There have been attempts to develop products that remove the unpredictability factor in human donor feces. For example, researchers in Toronto have designed a “robo-gut” – a synthetic colon that is pH-controlled, anaerobic, and has a nutrient slurry running through it like a real colon would – and they culture a few dozen microbes originally derived from the stool of healthy donor. They call their work the “rePOOPulate project” and report successfully curing 2 cases of human rCDI that did not relapse despite subsequent oral antibiotic use.28 Dr Elaine Petrof, the lead researcher behind the project, has a message for companies such as Rebiotix and Seres Health, which are trying to commercialize a “synthetic stool” product: “Honestly, good luck to you.”29 The Rebiotix product RBX2660 has done well in initial small unpublished trials, showing an 87% cure rate of human rCDI in a small trial.30

The Present

FMT is in an awkward place at present.
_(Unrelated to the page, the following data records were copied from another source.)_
Lemma sum_colsum X : \sum_j colsum X j = \sum_i rowsum X i.
Proof. exact: exchange_big. Qed.

Lemma rowsum_ge0 X i : nonneg_mx X -> 0 <= rowsum X i.
Proof. by move=> X_ge0; apply: sumr_ge0 => j _. Qed.

Lemma colsum_ge0 X j : nonneg_mx X -> 0 <= colsum X j.
Proof. by move=> X_ge0; apply: sumr_ge0 => i _. Qed.

Lemma norm1_mx_nonneg X : nonneg_mx X -> norm1_mx X = \sum_i rowsum X i.
Proof. by move=> X_ge0; apply: eq_bigr => i _; apply: eq_bigr => j _; rewrite ger0_norm. Qed.

Lemma le_normInf_mx X i j : X i j <= normInf_mx X.
Proof.
apply: le_trans (ler_norm _) _.
apply: le_trans (le_bigmax _ (fun i => \big[Num.max/0]_j `|X i j|) i).
exact: (le_bigmax _ (fun j => `|X i j|)).
Qed.

Lemma normInf_v_le (i0 : 'I_n) f B : (forall i, `|f i| <= B) -> normInf_v f <= B.
Proof.
move=> f_le; apply: bigmax_le => [|i _]; last exact: f_le.
exact: le_trans (normr_ge0 _) (f_le i0).
Qed.

Lemma vmin_gt0 (i0 : 'I_n) f : (forall i, 0 < f i) -> 0 < vmin i0 f.
Proof. by move=> f_gt0; rewrite /vmin; elim/big_ind: _ => // x y x0 y0; rewrite lt_min x0 y0. Qed.

Lemma vmin_le (i0 : 'I_n) f i : vmin i0 f <= f i.
Proof. exact: bigmin_le. Qed.

End Sums.

Section KLTerm.
Variable R : realType.
Implicit Types x y z c k : R.

Definition klterm x y : R := if x == 0 then 0 else x * ln (x / y).

Lemma klterm_incr_le x t y : 0 <= x -> 0 < t -> 0 < y ->
  klterm (x + t) y - klterm x y <= t * (ln ((x + t) / y) + 1).
Proof.
move=> x_ge0 t_gt0 y_gt0; rewrite /klterm gt_eqF; last by lra.
have [-> | x_neq0] := eqVneq x 0; first by rewrite add0r subr0; nra.
have x_gt0 : 0 < x by rewrite lt_neqAle eq_sym x_neq0.
have xt_gt0 : 0 < x + t by lra.
rewrite !ln_div ?posrE //.
have := ln_le_subr1 (divr_gt0 xt_gt0 x_gt0); rewrite ln_div ?posrE // => ln_le.
have : x * (ln (x + t) - ln x) <= x * ((x + t) / x - 1) by rewrite ler_pM2l.
have -> : x * ((x + t) / x - 1) = t by field; rewrite gt_eqF.
nra.
Qed.

Lemma klterm_scale c x y : 0 < c -> 0 <= x -> 0 < y ->
  klterm (c * x) y = c * klterm x y + c * ln c * x.
Proof.
move=> c_gt0 x_ge0 y_gt0; rewrite /klterm mulf_eq0 (gt_eqF c_gt0) /=.
have [-> | x_neq0] := eqVneq x 0; first by rewrite !mulr0 addr0.
have x_gt0 : 0 < x by rewrite lt_neqAle eq_sym x_neq0.
have -> : c * x / y = c * (x / y) by rewrite mulrA.
by rewrite lnM ?posrE ?divr_gt0 //; ring.
Qed.

(* The tangent line of [x |-> x ln (x / y)] at [x = k y]. *)
Lemma klterm_ge_tangent k x y : 0 < k -> 0 <= x -> 0 < y ->
  x * ln k - k * y + x <= klterm x y.
Proof.
move=> k_gt0 x_ge0 y_gt0; rewrite /klterm.
have [-> | x_neq0] := eqVneq x 0; first by rewrite mul0r add0r addr0 oppr_le0; nra.
have x_gt0 : 0 < x by rewrite lt_neqAle eq_sym x_neq0.
have ln_le := ln_le_subr1 (divr_gt0 k_gt0 (divr_gt0 x_gt0 y_gt0)).
rewrite ln_div ?posrE ?divr_gt0 // in ln_le.
have : x * (ln k - ln (x / y)) <= x * (k / (x / y) - 1) by rewrite ler_pM2l.
have -> : x * (k / (x / y) - 1) = k * y - x by field; rewrite !gt_eqF.
nra.
Qed.

Lemma klterm_mulr_expR y z : 0 < y -> klterm (y * expR z) y = y * expR z * z.
Proof.
move=> y_gt0; rewrite /klterm mulf_eq0 expR_eq0 orbF (gt_eqF y_gt0) /=.
by rewrite [y * _ / y]mulrAC divff ?gt_eqF // mul1r expRK.
Qed.

Variable n : nat.
Implicit Types u v : 'I_n -> R.

Lemma KLE u v : KL u v = \sum_i klterm (u i) (v i) - \sum_i u i + \sum_i v i.
Proof. by rewrite /KL !big_split /= sumrN. Qed.

Lemma log_sum_le u v : (forall i, 0 <= u i) -> (forall i, 0 < v i) ->
  0 < \sum_i u i -> 0 < \sum_i v i ->
  (\sum_i u i) * ln ((\sum_i u i) / (\sum_i v i)) <= \sum_i klterm (u i) (v i).
Proof.
move=> u_ge0 v_gt0 su_gt0 sv_gt0; set k := (\sum_i u i) / (\sum_i v i).
have k_gt0 : 0 < k by rewrite divr_gt0.
apply: le_trans (ler_sum _ (fun i _ => klterm_ge_tangent k_gt0 (u_ge0 i) (v_gt0 i))).
rewrite !big_split /= sumrN -mulr_suml -mulr_sumr /k divfK ?gt_eqF //; lra.
Qed.

Lemma KL_scale c u v : 0 < c -> (forall i, 0 <= u i) -> (forall i, 0 < v i) ->
  KL (fun i => c * u i) v =
  c * \sum_i klterm (u i) (v i) + c * ln c * \sum_i u i - c * \sum_i u i + \sum_i v i.
Proof.
move=> c_gt0 u_ge0 v_gt0; rewrite !KLE -!mulr_sumr.
rewrite (eq_bigr _ (fun i _ => klterm_scale c_gt0 (u_ge0 i) (v_gt0 i))).
by rewrite big_split /= -!mulr_sumr.
Qed.

Lemma KL_update (x y : 'I_n -> R) i t :
  KL (fun l => x l + t * (l == i)%:R) y - KL x y
  = klterm (x i + t) (y i) - klterm (x i) (y i) - t.
Proof.
apply: etrans (sumr_update (fun l z => klterm z (y l) - z + y l) x i t) _; ring.
Qed.

Lemma sum_klterm_mulr_expRN (w z : 'I_n -> R) (tau : R) :
  (forall i, 0 < w i) ->
  \sum_i klterm (w i * expR (- z i / tau)) (w i)
  = - (\sum_i w i * expR (- z i / tau) * z i) / tau.
Proof.
move=> w_gt0; rewrite mulNr mulr_suml -sumrN; apply: eq_bigr => i _.
by rewrite klterm_mulr_expR // mulNr mulrN mulrA.
Qed.

End KLTerm.

Lemma is_minimizer_fobj_gobj0 (R : realType) n (C : 'M[R]_n) a b tau X :
  is_minimizer (fobj C a b tau) X -> is_minimizer (gobj C a b tau 0) X.
Proof. by rewrite /gobj; under eq_fun do rewrite mul0r addr0. Qed.

Section Primal.
Variables (R : realType) (n : nat) (C : 'M[R]_n) (a b : 'I_n -> R) (tau e : R).
Hypotheses (C_ge0 : forall i j, 0 <= C i j) (a_gt0 : forall i, 0 < a i)
  (b_gt0 : forall j, 0 < b j) (tau_gt0 : 0 < tau) (e_ge0 : 0 <= e).
Implicit Types X : 'M[R]_n.

Let g := gobj C a b tau e.

Definition klcost X : R :=
  \sum_i \sum_j C i j * X i j
  + tau * (\sum_i klterm (rowsum X i) (a i) + \sum_j klterm (colsum X j) (b j)).

Lemma gobj_scale c X : 0 < c -> nonneg_mx X ->
  g (c *: X) - g X = (c - 1) * klcost X
    + 2 * tau * (\sum_i rowsum X i) * (c * ln c - c + 1)
    + e * (c ^+ 2 - 1) * \sum_i \sum_j X i j ^+ 2.
Proof.
move=> c_gt0 X_ge0; rewrite /g /gobj /fobj.
have -> : rowsum (c *: X) = (fun i => c * rowsum X i).
  by apply/funext => i; rewrite /rowsum mulr_sumr; apply: eq_bigr => j _; rewrite mxE.
have -> : colsum (c *: X) = (fun j => c * colsum X j).
  by apply/funext => j; rewrite /colsum mulr_sumr; apply: eq_bigr => i _; rewrite mxE.
have -> : \sum_i \sum_j C i j * (c *: X) i j = c * \sum_i \sum_j C i j * X i j.
  rewrite mulr_sumr; apply: eq_bigr => i _; rewrite mulr_sumr.
  by apply: eq_bigr => j _; rewrite mxE mulrCA.
have -> : \sum_i \sum_j (c *: X) i j ^+ 2 = c ^+ 2 * \sum_i \sum_j X i j ^+ 2.
  rewrite mulr_sumr; apply: eq_bigr => i _; rewrite mulr_sumr.
  by apply: eq_bigr => j _; rewrite mxE exprMn.
rewrite /klcost !KL_scale // => [|j|i]; last first.
- exact: rowsum_ge0.
- exact: colsum_ge0.
rewrite !KLE sum_colsum; ring.
Qed.

(* Optimality of [X] along the ray [c *: X] as [c -> 1-], where the quadratic term only
   decreases. *)
Lemma minimizer_klcost_le0 X : is_minimizer g X -> klcost X <= 0.
Proof.
move=> [X_ge0 X_min]; set s := \sum_i rowsum X i.
have s_ge0 : 0 <= s by apply: sumr_ge0 => i _; apply: rowsum_ge0.
have Q_ge0 : 0 <= \sum_i \sum_j X i j ^+ 2.
  by apply: sumr_ge0 => i _; apply: sumr_ge0 => j _; apply: sqr_ge0.
apply: (@le0_of_le_mulr_small _ _ (2 * tau * s) (1 / 2)) => [||d d_gt0 d_le].
- lra.
- by rewrite !mulr_ge0 // ltW.
have c_gt0 : 0 < 1 - d by lra.
have cX_ge0 : nonneg_mx ((1 - d) *: X) by move=> i j; rewrite mxE mulr_ge0 // ltW.
have := X_min _ cX_ge0; rewrite -subr_ge0 gobj_scale // -/s => le_g.
have cln : (1 - d) * ln (1 - d) <= (1 - d) * (1 - d - 1).
  by rewrite ler_pM2l // ln_le_subr1.
have eQ : e * ((1 - d) ^+ 2 - 1) * \sum_i \sum_j X i j ^+ 2 <= 0.
  by rewrite -mulrA mulr_ge0_le0 // mulr_le0_ge0 //; nra.
have ts_ge0 : 0 <= 2 * tau * s by rewrite !mulr_ge0 // ltW.
have sln : 2 * tau * s * ((1 - d) * ln (1 - d) - (1 - d) + 1)
    <= 2 * tau * s * d ^+ 2.
  by apply: ler_wpM2l => //; nra.
have : d * klcost X <= d * (2 * tau * s * d) by lra.
by rewrite ler_pM2l.
Qed.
It’s clearly providing benefit for some, but current FDA regulations are limiting clinicians from providing it. As a result, home-FMT how-to videos are being viewed tens of thousands of times. People are doing FMT at home, sometimes with unscreened donors, or with their own stool, or their pet’s stool, or in milkshakes. People want this therapy and they don’t need a clinician to get it, but they are likely to experience less harm, and potentially reap more benefit, if they do FMT with the knowledge and guidance of an informed clinician. Clinicians supporting their patients through home-FMT might invoke the harm-reduction models of needle-exchange programs and safe-sex programs championed by public health advocates and clinicians. Even in a world of emerging microbial medicines seeking to be licensed as drugs, I believe that being knowledgeable about the safety, efficacy and best practice of FMT will serve clinicians of this generation for their whole careers.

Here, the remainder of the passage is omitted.